▸ WHAT YOU SHOULD DO:
In your reply, reproduce the lines from the first one below to the line containing "(Hconv : forall", inclusive, exactly as they stand.

----- PROVIDED RECORDS -----

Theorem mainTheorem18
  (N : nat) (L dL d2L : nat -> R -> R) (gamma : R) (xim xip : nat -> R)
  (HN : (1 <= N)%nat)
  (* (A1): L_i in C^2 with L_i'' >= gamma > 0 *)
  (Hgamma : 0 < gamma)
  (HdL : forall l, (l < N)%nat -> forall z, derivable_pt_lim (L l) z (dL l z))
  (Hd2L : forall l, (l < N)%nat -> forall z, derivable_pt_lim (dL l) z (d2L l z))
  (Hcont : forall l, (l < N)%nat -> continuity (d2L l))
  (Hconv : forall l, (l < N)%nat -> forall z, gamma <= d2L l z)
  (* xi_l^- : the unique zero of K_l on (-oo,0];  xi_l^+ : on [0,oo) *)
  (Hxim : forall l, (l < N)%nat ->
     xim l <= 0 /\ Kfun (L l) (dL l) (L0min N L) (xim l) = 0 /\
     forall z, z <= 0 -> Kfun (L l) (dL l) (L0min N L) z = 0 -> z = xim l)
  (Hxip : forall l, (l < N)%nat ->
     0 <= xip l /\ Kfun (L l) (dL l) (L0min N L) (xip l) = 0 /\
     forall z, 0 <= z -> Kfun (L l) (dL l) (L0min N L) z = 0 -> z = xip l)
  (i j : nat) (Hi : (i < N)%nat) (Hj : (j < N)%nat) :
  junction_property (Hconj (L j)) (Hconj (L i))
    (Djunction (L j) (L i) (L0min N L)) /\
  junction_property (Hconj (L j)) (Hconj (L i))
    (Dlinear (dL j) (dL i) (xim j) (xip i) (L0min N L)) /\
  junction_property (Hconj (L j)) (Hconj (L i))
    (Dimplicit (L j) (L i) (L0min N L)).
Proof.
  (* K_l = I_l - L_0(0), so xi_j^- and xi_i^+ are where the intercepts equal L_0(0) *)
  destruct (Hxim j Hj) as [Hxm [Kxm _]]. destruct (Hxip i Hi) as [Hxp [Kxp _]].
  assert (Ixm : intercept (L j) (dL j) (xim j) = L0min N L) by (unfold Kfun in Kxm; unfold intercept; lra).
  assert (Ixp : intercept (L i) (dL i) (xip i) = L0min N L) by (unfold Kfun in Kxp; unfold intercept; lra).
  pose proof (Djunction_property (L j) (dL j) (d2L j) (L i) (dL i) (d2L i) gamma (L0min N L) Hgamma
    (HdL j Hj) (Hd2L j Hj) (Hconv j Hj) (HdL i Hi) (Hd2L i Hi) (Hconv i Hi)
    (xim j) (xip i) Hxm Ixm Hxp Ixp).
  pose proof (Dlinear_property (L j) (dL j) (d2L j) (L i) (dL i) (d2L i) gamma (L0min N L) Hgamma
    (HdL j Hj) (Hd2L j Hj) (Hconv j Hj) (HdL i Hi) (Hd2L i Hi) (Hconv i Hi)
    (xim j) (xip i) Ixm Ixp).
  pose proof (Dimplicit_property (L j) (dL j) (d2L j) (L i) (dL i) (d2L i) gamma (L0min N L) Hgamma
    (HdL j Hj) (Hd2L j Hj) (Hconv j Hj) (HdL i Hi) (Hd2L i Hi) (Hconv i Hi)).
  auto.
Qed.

-----

▸ EXERCISE SOLUTION:
Theorem mainTheorem18
  (N : nat) (L dL d2L : nat -> R -> R) (gamma : R) (xim xip : nat -> R)
  (HN : (1 <= N)%nat)
  (* (A1): L_i in C^2 with L_i'' >= gamma > 0 *)
  (Hgamma : 0 < gamma)
  (HdL : forall l, (l < N)%nat -> forall z, derivable_pt_lim (L l) z (dL l z))
  (Hd2L : forall l, (l < N)%nat -> forall z, derivable_pt_lim (dL l) z (d2L l z))
  (Hcont : forall l, (l < N)%nat -> continuity (d2L l))
  (Hconv : forall l, (l < N)%nat -> forall z, gamma <= d2L l z)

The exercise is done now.